Fulsi sighed. “If we’re done with nonsense…”

“Never, but continue anyway,” Kandra said. So. She’d found one thing she enjoyed. Verbal sparring was going to be fun to learn.

Fulsi looked up to the sky above, as if beseeching the heavens for patience, then continued. “They’ll both travel by zeppelin to get here. Being the first guild to establish a Dungeon Town is valuable, and with two dungeons in the area, they’re going to be racing to arrive before the other, pushing the vessels as hard as they can. So, unless one of them has a zeppelin model that’s just better than the other, the headwind will determine who arrives first - and how long it takes. No more than a couple of days from now. You two are registered, so the guilds are aware of you.”

Two days. Kandra was surprised to feel her excitement. But after so long with only Fulsi to talk to, she was desperate for some fresh company. Just her luck. The only other being in range was Calith. Although… “Is there anything else I need to do to be ready?”

“Let’s go over your dungeon one last time,” Fulsi said. “But I think you’re ready. Why?”

“Because I want to learn how to search the Mesh,” Kandra said. “I’d like to meet some other dungeons at similar development levels to me.”
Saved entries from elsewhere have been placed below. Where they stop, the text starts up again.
(* For every $n>3$ and every $\alpha\in\{28,32,44,140\}$, the sensitivity to synchronism of elementary cellular automaton rule $\alpha$ satisfies $\mu(f_{\alpha,n})=\dfrac{2^n-1}{3^n-2^{n+1}+2}$.
   Context: Cells are indexed by $\mathbb{Z}_n=\{0,\dots,n-1\}$, indices modulo $n$. The local rules are $r_{28}(x_1,x_2,x_3)=(\neg x_1\wedge x_2)\vee(x_1\wedge\neg x_2\wedge\neg x_3)$, $r_{32}=x_1\wedge\neg x_2\wedge x_3$, $r_{44}=(\neg x_1\wedge x_2)\vee(x_1\wedge\neg x_2\wedge x_3)$, $r_{140}=x_2\wedge(\neg x_1\vee x_3)$. The global function is $f_{\alpha,n}(x)_i=r_\alpha(x_{i-1},x_i,x_{i+1})$. An update schedule is an ordered partition $\Delta=(\Delta_1,\dots,\Delta_k)$ of $\mathbb{Z}_n$ into nonempty blocks; $\mathcal{P}_n$ is the set of them. For a block $B$ let $f^{(B)}(x)_i=f_{\alpha,n}(x)_i$ if $i\in B$ and $x_i$ otherwise; $f^{(\Delta)}_{\alpha,n}=f^{(\Delta_k)}\circ\cdots\circ f^{(\Delta_1)}$. The dynamics of $\Delta$ is the transition digraph with arcs $(x,f^{(\Delta)}_{\alpha,n}(x))$; $\mathcal{D}(f_{\alpha,n})$ is the set of distinct dynamics over $\Delta\in\mathcal{P}_n$. The sensitivity to synchronism is $\mu(f_{\alpha,n})=|\mathcal{D}(f_{\alpha,n})|/(3^n-2^{n+1}+2)$. *)

From mathcomp Require Import all_boot all_order all_algebra.
Set Implicit Arguments. Unset Strict Implicit. Unset Printing Implicit Defensive.
Import GRing.Theory Num.Theory.

(* Configurations over Z_n = 'I_n (indices taken modulo n). *)
Definition conf (n : nat) := {ffun 'I_n -> bool}.

Lemma ord_n_gt0 n (i : 'I_n) : 0 < n.
Proof. exact: leq_ltn_trans (leq0n i) (ltn_ord i). Qed.

Definition shift n (i : 'I_n) (d : nat) : 'I_n :=
  Ordinal (ltn_pmod (i + d) (ord_n_gt0 i)).
Definition prev n (i : 'I_n) : 'I_n := shift i n.-1.
Definition next n (i : 'I_n) : 'I_n := shift i 1.

Definition rule (alpha : nat) (x1 x2 x3 : bool) : bool :=
  if alpha == 28 then (~~ x1 && x2) || (x1 && ~~ x2 && ~~ x3)
  else if alpha == 32 then x1 && ~~ x2 && x3
  else if alpha == 44 then (~~ x1 && x2) || (x1 && ~~ x2 && x3)
  else if alpha == 140 then x2 && (~~ x1 || x3)
  else false.

Definition gf (alpha n : nat) (x : conf n) : conf n :=
  [ffun i => rule alpha (x (prev i)) (x i) (x (next i))].

Definition block_update (alpha n : nat) (B : {set 'I_n}) (x : conf n) : conf n :=
  [ffun i => if i \in B then gf alpha x i else x i].

Definition sched_update (alpha n : nat) (D : seq {set 'I_n}) (x : conf n) : conf n :=
  foldl (fun y B => block_update alpha B y) x D.

Definition is_schedule (n : nat) (D : seq {set 'I_n}) : bool :=
  [&& all (fun B => B != set0) D,
      pairwise (fun A B : {set 'I_n} => [disjoint A & B]) D &
      \bigcup_(B <- D) B == [set: 'I_n]].

(* dynamics of Delta: the transition digraph, as its arc set *)
Definition dynamics (alpha n : nat) (D : seq {set 'I_n}) : {set conf n * conf n} :=
  [set (x, sched_update alpha D x) | x : conf n].

(* D(f_{alpha,n}): set of distinct dynamics over all update schedules.
   An ordered partition of Z_n into nonempty blocks has k <= n blocks,
   so it is a k-tuple of sets for some k < n.+1. *)
Definition all_dynamics (alpha n : nat) : {set {set conf n * conf n}} :=
  [set G | [exists k : 'I_n.+1, exists t : (nat_of_ord k).-tuple {set 'I_n},
              is_schedule (tval t) && (G == dynamics alpha (tval t))]].

Definition mu (alpha n : nat) : rat :=
  (#|all_dynamics alpha n|%:R) / (3%:R ^+ n - 2%:R ^+ n.+1 + 2%:R).

From Pilot Require Import Defs.
From mathcomp Require Import all_boot all_order all_algebra.
From mathcomp Require Import zify.
Set Implicit Arguments. Unset Strict Implicit. Unset Printing Implicit Defensive.

(* When a cell is updated under an ordered partition, it reads the new value of
   a neighbour exactly when that neighbour lies in an earlier block.  For the
   rules 28 and 44 only the dependency on the left neighbour matters, for 140
   only the one on the right neighbour, and for 32 only whether some neighbour
   comes earlier (the cell is then forced to 0).  Hence f^(Delta) is the unique
   solution of a system of equations determined by a labelling of the cells,
   acyclic because the labels follow the block order.  Every labelling except
   the constant true one arises (a cell of the first block is labelled false;
   conversely, rank each cell by the length of the run of true labels starting
   at it), and test configurations around a cell read its label off the
   dynamics.  So the dynamics are in bijection with the 2^n - 1 labellings
   other than the constant true one. *)

(* path.v, imported after Defs, also exports [prev] and [next]. *)
Notation prev := Defs.prev.
Notation next := Defs.next.

Section Schedule.
Variables (alpha n : nat).
Implicit Types (D : seq {set 'I_n}) (x : conf n) (i j : 'I_n).

Definition rank D i : nat := find (fun B : {set 'I_n} => i \in B) D.

Lemma rank_lt_size D i : is_schedule D -> rank D i < size D.
Proof.
case/and3P=> _ _ /eqP cover; rewrite /rank -has_find.
have : i \in \bigcup_(B <- D) B by rewrite cover inE.
by rewrite bigcup_seq => /bigcupP [B BD iB]; apply/hasP; exists B.
Qed.

Lemma mem_nth_schedule D m i : is_schedule D -> m < size D ->
  (i \in nth set0 D m) = (rank D i == m).
Proof.
move=> sD mD; have iD := rank_lt_size i sD.
have i_rank : i \in nth set0 D (rank D i).
  by apply: (nth_find set0 (a := fun B : {set 'I_n} => i \in B)); rewrite has_find.
case: eqP => [<- // | ne]; apply/negP => im.
have : rank D i <= m by rewrite leqNgt; apply/negP => /(before_find set0) /=; rewrite im.
rewrite leq_eqVlt (introF eqP ne) /= => lt.
case/and3P: sD => _ /(pairwiseP set0) disj _.
by rewrite (disjointFr (disj _ _ iD mD lt) i_rank) in im.
Qed.

Lemma sched_update_takeS D x m : m < size D ->
  sched_update alpha (take m.+1 D) x =
  block_update alpha (nth set0 D m) (sched_update alpha (take m D) x).
Proof. by move=> mD; rewrite /sched_update (take_nth set0 mD) foldl_rcons. Qed.

Lemma sched_update_take D x m i : is_schedule D -> m <= size D ->
  sched_update alpha (take m D) x i =
  if rank D i < m then sched_update alpha (take (rank D i).+1 D) x i else x i.
Proof.
move=> sD; elim: m => [|m IH] mD; first by rewrite take0 ltn0.
rewrite sched_update_takeS // ffunE mem_nth_schedule // ltnS leq_eqVlt.
have [rk | ne] /= := eqVneq (rank D i) m.
  by rewrite rk sched_update_takeS // [in RHS]ffunE mem_nth_schedule // rk eqxx.
by rewrite IH ?(ltnW mD).
Qed.
Lemma covered_label_row lab (r : list A) : covered (label_row lab r) = if lab =? 0 then 0 else length r.
Proof.
  induction r as [|x r IH]; simpl; [destruct (lab =? 0); auto|].
  unfold label_row in *; simpl; rewrite covered_cons, IH. destruct (lab =? 0); auto.
Qed.

Lemma label_rows_props k T : forall i, Forall (chain R) T ->
  let z := concat (rev (label_rows i k T)) in
  Forall (fun p => snd p <= k) z /\
  (forall l, l <> 0 -> chain R (layer l z) /\ (l <= i -> layer l z = [])) /\
  covered z = list_sum (firstn (k - i) (map (@length _) T)).
Proof.
  induction T as [|r T IH]; intros i HF; simpl.
  - repeat split; auto; try constructor. destruct (k - i); auto.
  - inversion HF as [|? ? Hr HT]; subst. destruct (IH (S i) HT) as [F1 [F2 F3]].
    rewrite concat_app; simpl; rewrite app_nil_r. split; [|split].
    + apply Forall_app; split; auto. unfold label_row; apply Forall_map, Forall_forall; intros; simpl.
      destruct (Nat.ltb_spec i k); lia.
    + intros l Hl. rewrite layer_app, layer_label_row. destruct (F2 l Hl) as [G1 G2].
      destruct (Nat.eqb_spec (if i <? k then S i else 0) l) as [E|E].
      * destruct (Nat.ltb_spec i k); [|lia]. subst l. rewrite G2 by lia. simpl. split; auto; intros; lia.
      * rewrite app_nil_r. split; auto; intros; apply G2; lia.
    + rewrite covered_app, F3, covered_label_row. destruct (Nat.ltb_spec i k).
      * simpl. replace (k - i) with (S (k - S i)) by lia. simpl. lia.
      * simpl. replace (k - i) with 0 by lia. replace (k - S i) with 0 by lia. simpl; lia.
Qed.

Lemma greene_ge_rows k T : Forall (chain R) T ->
  greene_ge R (reading_word T) k (list_sum (firstn k (map (@length _) T))).
Proof.
  intros HF. destruct (label_rows_props k T 0 HF) as [F1 [F2 F3]].
  exists (concat (rev (label_rows 0 k T))). split; [|split; [split|]].
  - assert (Hfst : forall i, map (map fst) (label_rows i k T) = T).
    { clear. induction T as [|r T IH]; intros i; simpl; auto.
      rewrite IH. unfold label_row; rewrite map_map; simpl; rewrite map_id; auto. }
    unfold reading_word; rewrite concat_map, map_rev, Hfst; auto.
  - auto.
  - intros l Hl; apply F2; auto.
  - rewrite F3, Nat.sub_0_r; auto.
Qed.

Lemma label_cols_fst j k (r : list A) : map fst (label_cols j k r) = r.
Proof. revert j; induction r; intros j; simpl; f_equal; auto. Qed.

Lemma label_cols_in j k (r : list A) x l : In (x, l) (label_cols j k r) -> l <> 0 ->
  l <= k /\ exists i, l = S (j + i) /\ nth_error r i = Some x.
Proof.
  revert j; induction r as [|y r IH]; intros j Hin Hl; simpl in *; [destruct Hin|].
  destruct Hin as [E|Hin].
  - inversion E; subst. destruct (Nat.ltb_spec j k); [|lia]. split; [lia|]. exists 0; split; auto; lia.
  - destruct (IH (S j) Hin Hl) as [Hk [i [E1 E2]]]. split; auto. exists (S i); split; auto; lia.
Qed.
“I can teach you,” Fulsi said. “But… what’s your mana pool grade?”

Kandra The Novice Dungeon

Primary Mana Type: Firmament

Guild Membership: Verdant Circle

Mana Pool Grade: Quartz - A

Average 1st Floor Mob Strength: Quartz - C

1st Floor Boss Strength Grade: Quartz - AA

That got Kandra to pause. Fulsi had explained the rating system to her. Assessments the mortals handed out were just on a simple scale, going from F to A, then to a number of S’s for some reason. SSS+ was the highest any dungeon could earn. Adventurers just rated dungeons on a scale of one star to five stars. But for ones that were used to rank power, the ratings were Quartz, Amethyst, Topaz, Sapphire, Emerald, Ruby, Onyx, Diamond, and the letters started at D before going up to AAA+. They were based on the quality and gem type of the being’s core.

That applied to mortals as well - the process of them learning to adventure involved cultivating mana until they could forge a core of their own. Although the mortal cores weren’t literally made of quartz, the gem still resonated with the same energy as a dungeon’s power, so it could be graded against that.
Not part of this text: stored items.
Lemma colsub_surj_rank (F : fieldType) m n k (U : 'M[F]_(m, n)) :
  (k <= \rank U)%N ->
  exists2 P : 'I_k -> 'I_n, injective P &
    forall t : 'rV[F]_k, exists2 u : 'rV[F]_n, (u <= U)%MS & colsub P u = t.
Proof.
move=> le_k_rank.
pose g := maxrankfun U^T.
have full_g : row_full (colsub g U).
  by rewrite /row_full -mxrank_tr trmx_mxsub; apply: maxrowsub_free.
have le_k_r : (k <= \rank U^T)%N by rewrite mxrank_tr.
exists (g \o widen_ord le_k_r).
  by move=> a b /maxrankfun_inj /(congr1 val) /= /val_inj.
move=> t; pose t' := \row_(a < \rank U^T) oapp (t 0) 0 (insub (val a)).
have /submxP [w def_t'] := submx_full t' full_g.
exists (w *m U); first exact: submxMl.
apply/rowP => a; move/rowP/(_ (widen_ord le_k_r a)): def_t'.
rewrite -mulmx_colsub [t' _ _]mxE /= valK /= => ->.
by rewrite !mxE; apply: eq_bigr => i _; rewrite !mxE.
Qed.

Lemma small_multiple (R : numFieldType) (I : finType) (f : I -> R) e :
  0 < e -> exists2 t, 0 < t & forall i, `|t * f i| < e.
Proof.
move=> e_gt0; pose M := \sum_i `|f i|.
have M1_gt0 : 0 < M + 1 by rewrite ltr_wpDl ?sumr_ge0.
exists (e / (M + 1)); first by rewrite divr_gt0.
move=> i; rewrite normrM gtr0_norm ?divr_gt0 //.
have le_fM : `|f i| <= M by rewrite /M (bigD1 i) //= lerDl sumr_ge0.
apply: (le_lt_trans (ler_wpM2l _ le_fM)); first by rewrite ltW ?divr_gt0.
by rewrite mulrAC ltr_pdivrMr // ltr_pM2l // ltrDl.
Qed.

Definition basic_wedge (R : realType) n j (E : 'M[R]_n) (T : jsub n j) : ext R n j :=
  wedge (rowsub (jidx T) E).

Definition ext_coord (R : realType) n j (F : 'M[R]_n) (S : jsub n j)
    (w : ext R n j) : R :=
  \sum_(S' : jsub n j) w S' * \det (rowsub (jidx S') (colsub (jidx S) F)).

Section ExtCoord.
Variables (R : realType) (n j : nat).
Implicit Types (E F : 'M[R]_n) (S T : jsub n j) (w v : ext R n j).

Lemma ext_coord_wedge F S (X : 'M[R]_(j, n)) :
  ext_coord F S (wedge X) = \det (colsub (jidx S) (X *m F)).
Proof. by rewrite -mulmx_colsub cauchy_binet. Qed.

Lemma ext_coord_basic E S T :
  E \in unitmx -> ext_coord (invmx E) S (basic_wedge E T) = (S == T)%:R.
Proof.
move=> E_unit; rewrite ext_coord_wedge mul_rowsub_mx mulmxV //.
have [<-|neST] := eqVneq S T.
  have -> : colsub (jidx S) (rowsub (jidx S) (1%:M : 'M[R]_n)) = 1%:M.
    by apply/matrixP => a b; rewrite !mxE (inj_eq (@jidx_inj n j S)).
  by rewrite det1.
have [a TaS] : exists a, jidx T a \notin val S.
  apply/existsP; apply: contraR neST; rewrite negb_exists => /forallP TS.
  by apply/eqP/jsub_eq => b; have := TS b; rewrite negbK.
rewrite (expand_det_row _ a) big1 // => b _; rewrite !mxE.
suff /negPf -> : jidx T a != jidx S b by rewrite mul0r.
by apply: contraNneq TaS => ->; apply: jidx_mem.
Qed.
Bosses were graded based on their relative strength. Quartz-A was the minimum strength for a boss. “Do I need to worry that my boss is a double A quartz grade?” Kandra asked.

Fulsi shook her head. “It’s actually good. A boss that’s just Quartz-A will often get poor reviews because it’s bland. If you’d made an A grade boss, I’d say you needed to absorb it and make a new one. You could keep trying for triple A on your boss, but I wouldn’t bother. It might make the dungeon too hard. But what’s your mana grade?”

“I’m at Quartz-A,” Kandra said.

“Then I’m not going to teach you yet. Reach AAA. At least. If you’re ready then. But no sooner - If you’re going to explore the Mesh, you’re going to wait until you have the spiritual strength to protect yourself.”

That got Kandra’s attention. “Protect myself? From what?”

“There are diseases you can pick up there. You don’t want any of them - being sick is miserable for us. Most of them aren’t lethal, but they can be to weaker dungeons.”

Well. At least Fulsi had a good reason for telling her no. But something in Fulsi’s dismissal raised Kandra’s hackles. What wasn’t her mentor telling her?

More importantly, how could Kandra find out the truth?